José Mujica, expresidente de Uruguay, estuvo en Ecuador como veedor de los comicios. El líder político hizo un pronunciamiento respecto de las redes sociales en el que sentenció: “A veces las redes son el nido de los cobardes que no dan la cara”.

Los temas penales ahora se ventilan en las redes sociales. ¿Somos una sociedad de abogados-litigantes? ¿Pero quiénes son esos sujetos para José Mujica?:

Cobardemente buscan en los recovecos del lenguaje, los cromos y las palabras, impunidad para sus expresiones injuriosas, aun cuando su objetivo es destruir la honra y desorientar.

En las redes sociales, los infamadores, ‘hábiles’ al no atreverse a imputar las ofensas o agravios de forma directa, se dan modos para fabricar, tejer, acomodar y luego publicar lo que no se atreven a decir.

El mágico ocultamiento tras el anonimato de las redes sociales otorga un poder mítico al calumniador, y pretende que sus aseveraciones sean consideradas ‘sagradas’; quienes no comparten sus ‘argumentos’ son vejados y bloqueados.

Estos comportamientos son considerados por la doctrina penal como calumnia oblicua o indirecta y sí están sancionados por el Código Orgánico Integral Penal. Todo calumniador, calumnia a sabiendas, pero en ocasiones lo hace sesgadamente. Esa conducta -injuria oblicua- es más peligrosa por revelar una monumental cobardía. El agresor, pensando en la impunidad, no se atreve a decir las ofensas en la cara o revelar la real intención de sus palabras.

Los infamadores ‘hábiles’, por ejemplo, difunden maliciosamente un hecho falso como si fuera cierto y al final agregan un inocente mensaje: “solo comparto con ustedes para que no se difame”, y hasta lo cierran con una expresión tan trillada como hipócrita: ¡Bendiciones!

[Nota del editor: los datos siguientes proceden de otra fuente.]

(* Let $d\in\mathbb{N}$ and $k\in\mathbb{N}$. Suppose that $f\in\mathcal{G}_d$ is log-$k$-affine and that $\operatorname{supp} f\in\mathcal{P}$. Then there exist $\kappa(f)\leq k$, vectors $\alpha_1,\dotsc,\alpha_{\kappa(f)}\in\mathbb{R}^d$, scalars $\beta_1,\dotsc,\beta_{\kappa(f)}\in\mathbb{R}$ and a polyhedral subdivision $E_1,\dotsc,E_{\kappa(f)}$ of $\operatorname{supp} f$ such that $f(x)=\exp(\alpha_j^\top x+\beta_j)$ for all $x\in E_j$ and all $j$, and $\alpha_i\neq\alpha_j$ whenever $i\neq j$. Moreover, the triples $(\alpha_j,\beta_j,E_j)_{j=1}^{\kappa(f)}$ are unique up to reordering. In addition, if $\operatorname{supp} f\in\mathcal{P}^m$ for some $m\in\mathbb{N}\cup\{0\}$, then $E_j\in\mathcal{P}^{k+m-1}$ for all $j$.
   Context: $\mathcal{G}_d$ is the set of functions $e^{\phi}$ where $\phi:\mathbb{R}^d\to[-\infty,\infty)$ is upper semi-continuous and concave. For $f:\mathbb{R}^d\to\mathbb{R}$, $\operatorname{supp} f:=\{x: f(x)\neq 0\}$. A function $f\in\mathcal{G}_d$ is log-$k$-affine if there exist closed sets $E_1,\dotsc,E_k$ with $\operatorname{supp} f=\bigcup_{j=1}^k E_j$ and $\log f$ affine on each $E_j$. A polyhedral set is an intersection of finitely many closed half-spaces; $\mathbb{R}^d$ itself is regarded as a polyhedral set with 0 facets. A facet of a convex set $E$ is a set $E\cap H$ of affine dimension $\dim(E)-1$, where $H$ is an affine hyperplane supporting $E$. $\mathcal{P}$ denotes the collection of polyhedral subsets of $\mathbb{R}^d$ with non-empty interior, and $\mathcal{P}^m$ those elements of $\mathcal{P}$ with at most $m$ facets. A (polyhedral) subdivision of $P\in\mathcal{P}$ is a finite collection $E_1,\dotsc,E_\ell\in\mathcal{P}$ with $P=\bigcup_j E_j$ and such that $E_i\cap E_j$ is a common face of $E_i$ and $E_j$ for all $i,j$. *)

From HB Require Import structures.
From mathcomp Require Import all_boot all_order all_algebra.
From mathcomp Require Import all_classical all_reals all_analysis.
Set Implicit Arguments. Unset Strict Implicit. Unset Printing Implicit Defensive.
Import Order.TTheory GRing.Theory Num.Theory.
Import numFieldNormedType.Exports.
Local Open Scope classical_set_scope.
Local Open Scope ring_scope.
Lemma accepts_fresh (l : locs B) x y w : x \notin vals w -> y \notin vals w ->
  accepts (l, Some x) w -> accepts (l, Some y) w.
Proof.
move=> xw yw /(accepts_rename (@transp_inj x y)).
rewrite rename_word_id /rename_bstate /= ?transpL // => n nw.
by apply: transp_id => e; subst n; [move: xw | move: yw]; rewrite nw.
Qed.

Lemma succw_runs (C : config B) w s :
  succw C w s <-> exists s0 ss, [/\ C s0, brun s0 w ss & last s0 ss = s].
Proof.
elim: w C s => [|a w IH] C s /=.
  split=> [Cs|[s0 [ss [C0 hrun <-]]]]; first by exists s, [::].
  by case: ss hrun.
rewrite IH; split.
  by move=> [s1 [ss [[s0 [C0 hstep]] hrun <-]]]; exists s0, (s1 :: ss).
move=> [s0 [[|s1 ss] [C0 //= [hstep hrun] <-]]].
by exists s1, ss; split=> //; exists s0.
Qed.

Lemma brun_cat s u w ss1 ss2 :
  brun s u ss1 -> brun (last s ss1) w ss2 -> brun s (u ++ w) (ss1 ++ ss2).
Proof.
elim: u s ss1 => [|a u IH] s [|s1 ss1] //= [hstep hrun] hrun2.
by split; last exact: IH.
Qed.

Lemma brun_size s w ss : brun s w ss -> size ss = size w.
Proof.
elim: w s ss => [|a w IH] s [|s1 ss] //= [_ hrun].
by rewrite (IH _ _ hrun).
Qed.

Lemma brun_full s w ss : brun s w ss -> run_from (full s) w (map full ss).
Proof.
elim: w s ss => [|a w IH] s [|s1 ss] //= [hstep hrun].
by split; last exact: IH.
Qed.

Hypothesis hB1 : one_register B.
Hypothesis hB : unambiguous B.

Lemma full_inj : injective full.
Proof.
have [r _] : exists r, r \in regs B by apply/card_gt0P; rewrite hB1.
by move=> [l1 o1] [l2 o2] [-> /(congr1 (fun v => v r)) e12]; congr (_, _).
Qed.

Lemma unambiguous_reached u w ss1 ss2 :
  brun (l_init B, None) u ss1 -> brun (l_init B, None) u ss2 ->
  accepts (last (l_init B, None) ss1) w -> accepts (last (l_init B, None) ss2) w ->
  last (l_init B, None) ss1 = last (l_init B, None) ss2.
Proof.
move=> run1 run2 [t1 [rt1 acc1]] [t2 [rt2 acc2]].
have accepting_run ss t : brun (l_init B, None) u ss ->
    brun (last (l_init B, None) ss) w t ->
    l_acc B (last (last (l_init B, None) ss) t).1 ->
    run_from (init_state B) (u ++ w) (map full (ss ++ t)) /\
    l_acc B (last (init_state B) (map full (ss ++ t))).1.
  move=> hss ht hacc; split; first exact: (brun_full (brun_cat hss ht)).
  by rewrite (last_map full _ (l_init B, None)) last_cat.
have [R1 L1] := accepting_run _ _ run1 rt1 acc1.
have [R2 L2] := accepting_run _ _ run2 rt2 acc2.
have /(inj_map full_inj)/(congr1 (take (size u))) := hB R1 L1 R2 L2.
by rewrite !take_size_cat ?(brun_size run1) ?(brun_size run2) // => ->.
Qed.

(* In an essentially coverable configuration, distinct states accept
   disjoint languages: any two of its states are reached by a common word. *)
Lemma ess_coverable_disjoint (C : config B) s1 s2 w : ess_coverable C ->
  C s1 -> C s2 -> accepts s1 w -> accepts s2 w -> s1 = s2.
Proof.
move=> [_ cov] C1 C2 acc1 acc2.
have [C2' [[u reach] sub]] := cov s1 s2 C1 C2.
have reached s : s = s1 \/ s = s2 ->
    exists2 ss, brun (l_init B, None) u ss & last (l_init B, None) ss = s.
  by move=> /sub /reach /succw_runs [_ [ss [-> run <-]]]; exists ss.
have [ss1 run1 e1] := reached s1 (or_introl erefl).
have [ss2 run2 e2] := reached s2 (or_intror erefl).
rewrite -e1 -e2 in acc1 acc2 *.
exact: unambiguous_reached run1 run2 acc1 acc2.
Qed.

Lemma renamed_disjoint (C : config B) (l1 l2 : locs B) c1 c2 x1 x2 w :
  ess_coverable C -> C (l1, Some c1) -> C (l2, Some c2) -> c1 <> c2 -> x1 <> x2 ->
  accepts (l1, Some x1) w -> accepts (l2, Some x2) w -> False.
Proof.
move=> hC C1 C2 c12 x12 acc1 acc2.
have [f [f_inj f1 f2]] := two_point_renaming x12 c12.
have := accepts_rename f_inj acc1; have := accepts_rename f_inj acc2.
rewrite /rename_bstate /= f1 f2 => acc2' acc1'.
by case: (ess_coverable_disjoint hC C1 C2 acc1' acc2').
Qed.

End OneRegister.

Section Synchronized.
Variables (Sigma : finType) (A B : GRA Sigma).

Definition accepts_A (s : state A) (w : seq (Sigma * nat)) : Prop :=
  exists ss, run_from s w ss /\ l_acc A (last s ss).1.

Definition bad_word (s : state A) (C : config B) (w : seq (Sigma * nat)) : Prop :=
  accepts_A s w /\ forall s0, C s0 -> ~ accepts s0 w.

Lemma sreaches_run (S S' : sconf A B) : sreaches S S' ->
  exists w ss, [/\ run_from S.1 w ss, last S.1 ss = S'.1 &
                   forall s, S'.2 s <-> succw S.2 w s].
Proof.
elim=> [S0|S0 S1 S2 [a [hstep hsucc]] _ [w [ss [hrun hlast hS2]]]].
  by exists [::], [::].
exists (a :: w), (S1.1 :: ss); split=> // s; rewrite hS2 /= !succw_runs.
by split=> -[s0 [ss' [C0 r0 e0]]]; exists s0, ss'; split=> //; apply hsucc.
Qed.

Lemma run_sreaches (s : state A) (C : config B) w ss : run_from s w ss ->
  sreaches (s, C) (last s ss, succw C w).
Proof.
elim: w s C ss => [|a w IH] s C [|s' ss] //= => [_|[hstep hrun]].
  exact: sreach_refl.
by apply: sreach_step (IH s' (succ C a) ss hrun); exists a.
Qed.
(* Let $S$ be a finite set of points in $\mathbb{R}^d$ with Euclidean distance, $f\ge0$ an integer, $0<\theta<\pi/4$, $\mathcal{C}$ a cone collection as in the context, and $\Theta=\Theta(\theta,2f+1)$. Let $F$ be a set of edges of $\Theta$ such that $(S,F)$ has maximum degree at most $f$. Then for every edge $\{p,q\}$ of $K_S\setminus F$, $\delta_{\Theta\setminus F}(p,q)\le t\,|pq|$, where $t=1/(\cos\theta-\sin\theta)$.
   Context: $K_S$ is the complete graph on $S$ with edge weights the Euclidean distances; all graphs have Euclidean edge weights; $\delta_X$ is shortest-path distance in $X$; $X\setminus F$ is $X$ with the edges of $F$ removed. $\mathcal{C}$ is a finite collection of cones with apex at the origin covering $\mathbb{R}^d$, each of angular diameter at most $\theta$, i.e. $\max\{\angle(0x,0y):x,y\in C\setminus\{0\}\}\le\theta$. For each $C\in\mathcal{C}$ fix a ray $\ell_C$ from the origin contained in $C$. For $p\in S$: $C+p=\{x+p:x\in C\}$, $\ell_C+p$ is the translate of $\ell_C$ emanating from $p$, and $S_{p,C}=(C+p)\cap(S\setminus\{p\})$. The graph $\Theta(\theta,k)$ has vertex set $S$, and for each $p\in S$ and $C\in\mathcal{C}$ it contains an edge from $p$ to each of $\min(k,|S_{p,C}|)$ points of $S_{p,C}$ whose orthogonal projections onto $\ell_C+p$ are closest to $p$ (ties broken arbitrarily). *)

From HB Require Import structures.
From mathcomp Require Import all_boot all_order all_algebra.
From mathcomp Require Import all_classical all_reals all_analysis.
Set Implicit Arguments. Unset Strict Implicit. Unset Printing Implicit Defensive.
Import Order.TTheory GRing.Theory Num.Theory.
Local Open Scope ring_scope.

Section Geom.
Variables (R : realType) (d : nat).
Notation pt := 'rV[R]_d.

Definition dotp (x y : pt) : R := \sum_(i < d) x ord0 i * y ord0 i.
Definition eucl_norm (x : pt) : R := Num.sqrt (dotp x x).
Definition eucl_dist (x y : pt) : R := eucl_norm (x - y).

Definition angle (x y : pt) : R := acos (dotp x y / (eucl_norm x * eucl_norm y)).

Definition is_cone (C : pred pt) : Prop :=
  forall x (l : R), x \in C -> 0 < l -> l *: x \in C.

(* A finite collection of cones (indexed by a finType I) covering R^d,
   each of angular diameter at most theta, with a chosen ray ell_C = {l u : l >= 0}
   contained in each cone C. *)
Definition cone_collection (I : finType) (Cn : I -> pred pt) (u : I -> pt)
    (theta : R) : Prop :=
  [/\ forall i, is_cone (Cn i),
      forall x : pt, exists i, x \in Cn i,
      forall i x y, x \in Cn i -> y \in Cn i -> x != 0 -> y != 0 ->
         angle x y <= theta,
      forall i, u i != 0 &
      forall i (l : R), 0 <= l -> l *: u i \in Cn i].

Definition proj_ray (p v x : pt) : pt :=
  p + Num.max 0 (dotp (x - p) v / dotp v v) *: v.

Definition SpC (S : seq pt) (C : pred pt) (p : pt) : seq pt :=
  [seq x <- S | (x != p) && (x - p \in C)].

(* sel is a valid choice of Theta(theta,k) out-neighbours: for each p in S and
   cone i, sel p i consists of min(k, |S_{p,C}|) points of S_{p,C} whose
   projections onto ell_C + p are closest to p (ties broken arbitrarily). *)
Definition theta_selection (I : finType) (Cn : I -> pred pt) (u : I -> pt)
    (S : seq pt) (k : nat) (sel : pt -> I -> seq pt) : Prop :=
  forall p i, p \in S ->
    [/\ uniq (sel p i),
        {subset sel p i <= SpC S (Cn i) p},
        size (sel p i) = minn k (size (SpC S (Cn i) p)) &
        forall q r, q \in sel p i -> r \in SpC S (Cn i) p -> r \notin sel p i ->
          eucl_dist (proj_ray p (u i) q) p <= eucl_dist (proj_ray p (u i) r) p].

Definition theta_edge (I : finType) (S : seq pt) (sel : pt -> I -> seq pt)
    (p q : pt) : Prop :=
  [/\ p \in S, q \in S & exists i, q \in sel p i \/ p \in sel q i].

(* delta_G(p,q) <= b for the Euclidean-weighted graph G on S with edge
   relation E: there is a walk p = x_0, ..., x_n = q in G of total
   Euclidean length at most b. *)
Definition graph_dist_le (S : seq pt) (E : pt -> pt -> Prop) (p q : pt) (b : R)
  : Prop :=
  exists (n : nat) (x : nat -> pt),
    [/\ x 0%N = p, x n = q,
        forall j, (j <= n)%N -> x j \in S,
        forall j, (j < n)%N -> E (x j) (x j.+1) &
        \sum_(j < n) eucl_dist (x j) (x j.+1) <= b].

End Geom.

From HB Require Import structures.
From mathcomp Require Import all_boot all_order all_algebra.
From mathcomp Require Import all_classical all_reals all_analysis.
From mathcomp Require Import ring lra zify.
Import Order.TTheory GRing.Theory Num.Theory.
Local Open Scope ring_scope.

(* Induction on |pq|.  If q is not among the 2f+1 selected neighbours of p in
   the cone C containing q, then at least one selected neighbour r is joined
   to neither p nor q by a faulty edge, since each of p and q has at most f
   faulty edges.  The edge pr survives, and because r lies in the same cone as
   q with a closer projection onto the ray, the elementary estimate
   |pr| + |rq|/(cos θ - sin θ) <= |pq|/(cos θ - sin θ) with |rq| < |pq|
   lets the induction hypothesis route r to q. *)

Section Euclid.
Context {R : realType} {d : nat}.
Notation pt := 'rV[R]_d.
Implicit Types (x y z w : pt).

Lemma dotpC x y : dotp x y = dotp y x.
Proof. by apply: eq_bigr => i _; rewrite mulrC. Qed.

Lemma dotpDl x y z : dotp (x + y) z = dotp x z + dotp y z.
Proof. by rewrite /dotp -big_split; apply: eq_bigr => i _; rewrite !mxE mulrDl. Qed.

Lemma dotpNl x z : dotp (- x) z = - dotp x z.
Proof. by rewrite /dotp -sumrN; apply: eq_bigr => i _; rewrite !mxE mulNr. Qed.

Lemma dotpZl a x z : dotp (a *: x) z = a * dotp x z.
Proof. by rewrite /dotp mulr_sumr; apply: eq_bigr => i _; rewrite !mxE mulrA. Qed.

Lemma dotpBl x y z : dotp (x - y) z = dotp x z - dotp y z.
Proof. by rewrite dotpDl dotpNl. Qed.

Lemma dotpBr x y z : dotp z (x - y) = dotp z x - dotp z y.
Proof. by rewrite dotpC dotpBl !(dotpC z). Qed.

Lemma dotpZr a x z : dotp z (a *: x) = a * dotp z x.
Proof. by rewrite dotpC dotpZl dotpC. Qed.

Lemma dotp0r x : dotp x 0 = 0.
Proof. by rewrite /dotp big1 // => i _; rewrite mxE mulr0. Qed.

Lemma dotpp_ge0 x : 0 <= dotp x x.
Proof. by apply: sumr_ge0 => i _; rewrite -expr2 sqr_ge0. Qed.

Lemma dotpp_eq0 x : (dotp x x == 0) = (x == 0).
Proof.
apply/idP/eqP => [|->]; last by rewrite dotp0r.
rewrite psumr_eq0 => [/allP x0|i _]; last by rewrite -expr2 sqr_ge0.
apply/rowP => i; rewrite mxE; apply/eqP.
by rewrite -sqrf_eq0 expr2; apply: x0; apply: mem_index_enum.
Qed.

Lemma dotpp_gt0 {x} : x != 0 -> 0 < dotp x x.
Proof. by rewrite lt_def dotpp_ge0 dotpp_eq0 andbT. Qed.

Lemma eucl_norm_ge0 x : 0 <= eucl_norm x.
Proof. exact: sqrtr_ge0. Qed.

Lemma eucl_norm_gt0 {x} : x != 0 -> 0 < eucl_norm x.
Proof. by move=> x0; rewrite sqrtr_gt0 dotpp_gt0. Qed.

Lemma eucl_norm_sqr x : eucl_norm x ^+ 2 = dotp x x.
Proof. by rewrite sqr_sqrtr // dotpp_ge0. Qed.

Lemma eucl_normN x : eucl_norm (- x) = eucl_norm x.
Proof. by rewrite /eucl_norm dotpNl dotpC dotpNl opprK. Qed.

Lemma eucl_normZ a x : 0 <= a -> eucl_norm (a *: x) = a * eucl_norm x.
Proof.
move=> a0; rewrite /eucl_norm dotpZl dotpZr mulrA sqrtrM ?mulr_ge0 //.
by rewrite -expr2 sqrtr_sqr ger0_norm.
Qed.

Lemma eucl_distC x y : eucl_dist x y = eucl_dist y x.
Proof. by rewrite /eucl_dist -eucl_normN opprB. Qed.

Lemma cauchy_schwarz_sqr x y : dotp x y ^+ 2 <= dotp x x * dotp y y.
Proof.
have [->|y0] := eqVneq y 0; first by rewrite !dotp0r expr0n /= mulr0.
have yy0 := dotpp_gt0 y0.
pose t := dotp x y / dotp y y.
have ht : t * dotp y y = dotp x y by rewrite mulfVK // gt_eqF.
have := dotpp_ge0 (x - t *: y).
rewrite !dotpBl !dotpBr !dotpZl !dotpZr (dotpC y x).
nra.
Qed.

Lemma cauchy_schwarz x y : `|dotp x y| <= eucl_norm x * eucl_norm y.
Proof.
rewrite -sqrtr_sqr /eucl_norm -sqrtrM ?dotpp_ge0 //.
by rewrite ler_sqrt ?mulr_ge0 ?dotpp_ge0 // cauchy_schwarz_sqr.
Qed.

Lemma dotp_ge_cos_angle {x y} {th : R} : x != 0 -> y != 0 ->
  0 <= th <= pi -> angle x y <= th ->
  cos th * (eucl_norm x * eucl_norm y) <= dotp x y.
Proof.
move=> x0 y0 /andP[th0 thpi] xyth.
have nxy : 0 < eucl_norm x * eucl_norm y by rewrite mulr_gt0 ?eucl_norm_gt0.
rewrite -ler_pdivlMr //; set z := _ / _.
have zin : z \in `[-1, 1].
  have := cauchy_schwarz x y; rewrite ler_norml => /andP[h1 h2].
  by rewrite in_itv /= ler_pdivlMr // ler_pdivrMr // mulN1r h1 mul1r h2.
rewrite -(acosK zin) leNgt ltr_cos ?in_itv /= ?th0 ?thpi ?acos_ge0 ?acos_lepi //.
by rewrite -leNgt.
Qed.

Lemma dist_proj_ray p w x :
  eucl_dist (proj_ray p w x) p = Num.max 0 (dotp (x - p) w / dotp w w) * eucl_norm w.
Proof. by rewrite /eucl_dist /proj_ray addrAC subrr add0r eucl_normZ // le_max lexx. Qed.

Lemma dotp_le_of_dist_proj_ray {p w x} y : w != 0 -> 0 < dotp (x - p) w ->
  eucl_dist (proj_ray p w x) p <= eucl_dist (proj_ray p w y) p ->
  dotp (x - p) w <= dotp (y - p) w.
Proof.
move=> w0 xw0; have ww0 := dotpp_gt0 w0.
rewrite !dist_proj_ray ler_pM2r ?eucl_norm_gt0 // (@max_r _ _ 0); last first.
  by rewrite divr_ge0 // ltW.
by rewrite le_max leNgt divr_gt0 //= ler_pM2r ?invr_gt0.
Qed.

Lemma norm_cos_le_of_dotp {c : R} {x y w} : w != 0 ->
  c * (eucl_norm x * eucl_norm w) <= dotp x w -> dotp x w <= dotp y w ->
  eucl_norm x * c <= eucl_norm y.
Proof.
move=> w0 xw xyw; rewrite -(ler_pM2r (eucl_norm_gt0 w0)).
have := le_trans (ler_norm _) (cauchy_schwarz y w).
nra.
Qed.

Los infamadores ‘hábiles’ buscan cobardemente la impunidad ante la ofensa dejando una puerta abierta que otorga un sentido ‘recto y justo’ al descrédito y la deshonra generados por su mensaje.

La calumnia, como delito, y las expresiones de descrédito o deshonra, como contravenciones, se consideran conductas prohibidas por el Código Orgánico Integral Penal. El honor de las personas tiene protección constitucional. En las redes sociales se viola minuto a minuto el principio constitucional de inocencia de las personas agredidas.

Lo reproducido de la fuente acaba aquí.